Тем более, что дочь мне дала некоторый передых после бессонных ночей и постоянных поисков. Я ее почти не видела. По словам Алисы, они жили у Игната. Так им было удобно, ведь жить в своей квартире не расписанными в загсе я им не позволила:

— Алис, хочешь — обижайся, хочешь — нет, но у тебя может быть еще много парней. Я не хочу ни к кому из них прикипать раньше времени, как к потенциальному зятю. К тому же твой Игнат нигде не работает и не учится, как и ты. Вешать вас себе на шею я не собираюсь. Давайте, определяйтесь со своими взаимоотношениями и с работой, тогда посмотрим.

— А я вот еще в институт поступлю! — в запале сказала моя дочь.

— Да? Это в какой же?

— А хоть в педагогический!

— Тогда заниматься нужно, чтобы школьную программу вспомнить. И там для поступления практика нужна в детском учреждении. У ме-ня-то знакомых никого нет, чтобы тебя устроить поработать в детский сад. Может, у бабушки Оли есть. Ты спроси… С детьми-то ты хорошо ладишь… Только, если задумала поступать, не сиди сложа руки.

— Да ладно тебе, мам. Надоели твои нравоучения: «То — не делай! Этого — не скажи!» Я уже взрослая. Сама все знаю.

У Алисы и друзья в это недолго-благополучное время появились другие. Хотя бы на вид — нормальные. Из каких-то неведомых глубин выплыла и бывшая одноклассница Саша Журавлева, умница, отличница. Как потом выяснилось: без нее моя безголовая девица не поступила бы в институт.

Когда я выбирала имя для своей дочери, то подразумевала главную героиню книги «Алиса в стране чудес», но оказалось, что моя Алиса вовсе не та пытливая сказочная девочка, изучающая на себе физические законы. Моя дочь совершенно на нее не походила, а скорее напоминала лису Алису из сказки «Буратино», хитрое и изворотливое животное. Я уже не питала никаких родительских иллюзий!

Правда, няней в детском саду она отработала добросовестно сама два месяца, получив положительную характеристику. Зато вместе с одноклассницей Сашей они придумали аферу с черным париком для поступления в институт. Для этого Алиса убрала свои рыжие кудри под приобретенный для этой цели парик с черными волосами и немного подгримировалась, чтобы походить на Журавлеву, имевшую копну собственных черных волос. Короче, экзамены в педагогический вуз за Алису сдала Саша.

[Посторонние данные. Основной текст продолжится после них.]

(* Let $L$ be a positive integer and $U$ a real number with $L > \frac{8}{U}$. Consider, for real $\Lambda$, the equation $$\sin q - \Lambda = \frac{U}{4}\cot\left(\frac{qL}{2}\right)$$ for $q\in[0,2\pi)$. This equation has exactly $L$ branches of solutions $q_\ell(\Lambda)$, $\ell=1,\dots,L$ (real-valued functions of $\Lambda\in\mathbb{R}$), with the properties (i) $(\ell-1)\frac{2\pi}{L} \le q_\ell(\Lambda) \le \ell\frac{2\pi}{L}$; (ii) $\frac{d q_\ell(\Lambda)}{d\Lambda} > 0$; (iii) $\lim_{\Lambda\to-\infty} q_\ell(\Lambda) = (\ell-1)\frac{2\pi}{L}$ and $\lim_{\Lambda\to\infty} q_\ell(\Lambda) = \ell\frac{2\pi}{L}$.
   Context: The inequality $L>8/U$ is called the Takahashi condition. A branch of solutions means a function $\Lambda\mapsto q(\Lambda)$ with $q(\Lambda)\in[0,2\pi)$ satisfying the equation for every real $\Lambda$. *)

From Stdlib Require Import Reals Lra.
From Coquelicot Require Import Coquelicot.
Open Scope R_scope.

Definition cot (x : R) : R := cos x / sin x.

Definition is_solution (L : nat) (U Lam q : R) : Prop :=
  0 <= q < 2 * PI /\
  sin (q * INR L / 2) <> 0 /\
  sin q - Lam = U / 4 * cot (q * INR L / 2).

Definition is_branch (L : nat) (U : R) (q : R -> R) : Prop :=
  forall Lam : R, is_solution L U Lam (q Lam).

(* Write the equation as Lam = lam_of q := sin q - U/4 cot (q L / 2).  The poles
   of the cotangent cut [0, 2 PI) into the L open cells ((l-1) 2PI/L, l 2PI/L), and
   no solution lies on a cell endpoint.  On each cell
   lam_of' q = cos q + U L / (8 sin (q L / 2)^2) >= U L / 8 - 1 > 0 by the Takahashi
   condition, while lam_of tends to -oo at the left end and to +oo at the right end.
   So lam_of maps each cell increasingly onto R; its inverse is the branch q_l, which
   has positive derivative by the inverse function theorem and tends to the cell
   endpoints as Lam -> -oo, +oo.  A continuous branch cannot cross a pole, so it
   stays in a single cell and coincides with the corresponding q_l. *)

From Stdlib Require Import Reals Lra Lia Ranalysis5 ClassicalEpsilon.
From Coquelicot Require Import Coquelicot.
Open Scope R_scope.

Lemma cot_add_nat_PI (k : nat) (t : R) : cot (t + INR k * PI) = cot t.
Proof.
induction k as [|k IH].
- simpl. rewrite Rmult_0_l, Rplus_0_r. reflexivity.
- rewrite S_INR. replace (t + (INR k + 1) * PI) with ((t + INR k * PI) + PI) by ring.
  unfold cot in *. rewrite neg_sin, neg_cos, <- IH. unfold Rdiv. rewrite Rinv_opp. ring.
Qed.

Lemma cot_PI_minus (t : R) : cot (PI - t) = - cot t.
Proof. unfold cot. rewrite Rtrigo_facts.cos_pi_minus, sin_PI_x. unfold Rdiv. ring. Qed.

(* From sin t < t and cos t = 1 - 2 sin (t/2)^2 >= 1 - t^2/2 >= 1/2. *)
Lemma two_mul_cot_ge_1 (t : R) : 0 < t <= 1 -> 1 <= 2 * t * cot t.
Proof.
intros [t_pos t_le1]. pose proof PI2_1.
assert (sin_pos : 0 < sin t) by (apply sin_gt_0; lra).
assert (sin_lt : sin t < t) by (apply sin_lt_x; lra).
assert (half_ge0 : 0 <= sin (t/2)) by (apply sin_ge_0; lra).
assert (half_lt : sin (t/2) < t/2) by (apply sin_lt_x; lra).
assert (cos_half : cos t = 1 - 2 * sin (t/2) * sin (t/2)).
{ replace t with (2 * (t/2)) at 1 by field. apply cos_2a_sin. }
assert (cos_ge : 1/2 <= cos t) by nra.
assert (E : 2 * t * cot t - 1 = (2 * t * cos t - sin t) / sin t) by (unfold cot; field; lra).
assert (0 <= (2 * t * cos t - sin t) / sin t) by (apply Rdiv_le_0_compat; nra).
lra.
Qed.

Lemma cot_unbounded (M : R) : exists t, 0 < t <= 1 /\ M <= cot t.
Proof.
set (t := Rmin 1 (/ (2 * (Rabs M + 1)))).
pose proof (Rle_abs M). pose proof (Rabs_pos M).
assert (t_pos : 0 < t) by (apply Rmin_glb_lt; [lra | apply Rinv_0_lt_compat; lra]).
assert (t_le1 : t <= 1) by apply Rmin_l.
assert (t_le : t <= / (2 * (Rabs M + 1))) by apply Rmin_r.
assert (tM : t * (2 * (Rabs M + 1)) <= 1).
{ apply (Rmult_le_compat_r (2 * (Rabs M + 1))) in t_le; [|lra].
  rewrite Rinv_l in t_le by lra. exact t_le. }
exists t. split; [lra|].
pose proof (two_mul_cot_ge_1 t (conj t_pos t_le1)). nra.
Qed.

Lemma continuous_avoid_side (p : R -> R) (c x y : R) :
  continuity p -> (forall z, p z <> c) -> p x < c -> p y < c.
Proof.
intros p_cont p_avoid px_lt.
destruct (Rlt_le_dec (p y) c) as [|py_ge]; [assumption|].
destruct (IVT_gen p x y c p_cont) as [z [_ pz]].
{ unfold Rmin, Rmax; destruct (Rle_dec _ _); lra. }
now destruct (p_avoid z).
Qed.

Lemma is_lim_p_infty_of_le (g : R -> R) (b : R) :
  (forall x, g x <= b) ->
  (forall z, z < b -> exists M, forall x, M < x -> z <= g x) ->
  is_lim g p_infty b.
Proof.
intros g_le g_ev. apply is_lim_spec. intros eps.
destruct (g_ev (b - eps / 2)) as [M HM]; [pose proof (cond_pos eps); lra|].
exists M. intros x Hx. specialize (HM x Hx). specialize (g_le x).
rewrite Rabs_left1; pose proof (cond_pos eps); lra.
Qed.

Об этом я узнала гораздо позднее, когда увидела в руках дочери зачетную книжку и студенческий билет, и простила, как любящая мать, все, включая собственные потраченные нервы. Это были документы, подтверждающие Алискино поступление на бюджетное отделение дошкольного воспитания педагогического вуза.

Мне казалось, что забрезжил лучик нормальной жизни. Нормальной в том виде, в котором я ее себе представляла. Но не тут-то было!

Полгода безоблачного счастья — это много или мало? С Игнатом я чувствовала себя счастливой, но ровно до того момента, когда в нашу с ним жизнь опять бесцеремонно вторгся героин. Это произошло летом, через полгода после нашего новогоднего знакомства. Сначала Игнат просто баловался с друзьями, а потом кололся уже каждый день.

Героин входит легко в те дома, где нет благополучия. Молодежь ищет в этой крутизне свою отдушину, ведь кайф дает возможность на время забыть о тех, кажущихся на первый взгляд ужасными, проблемах. Особенно если рядом нет ни единого умного человека, способного объяснить:  «Чувак! Хватит страдать! В твоей жизни пока все нормально, выкинь ты из головы дурь. В мире столько интересного! И все у тебя будет, если перестанешь быть таким идиотом!»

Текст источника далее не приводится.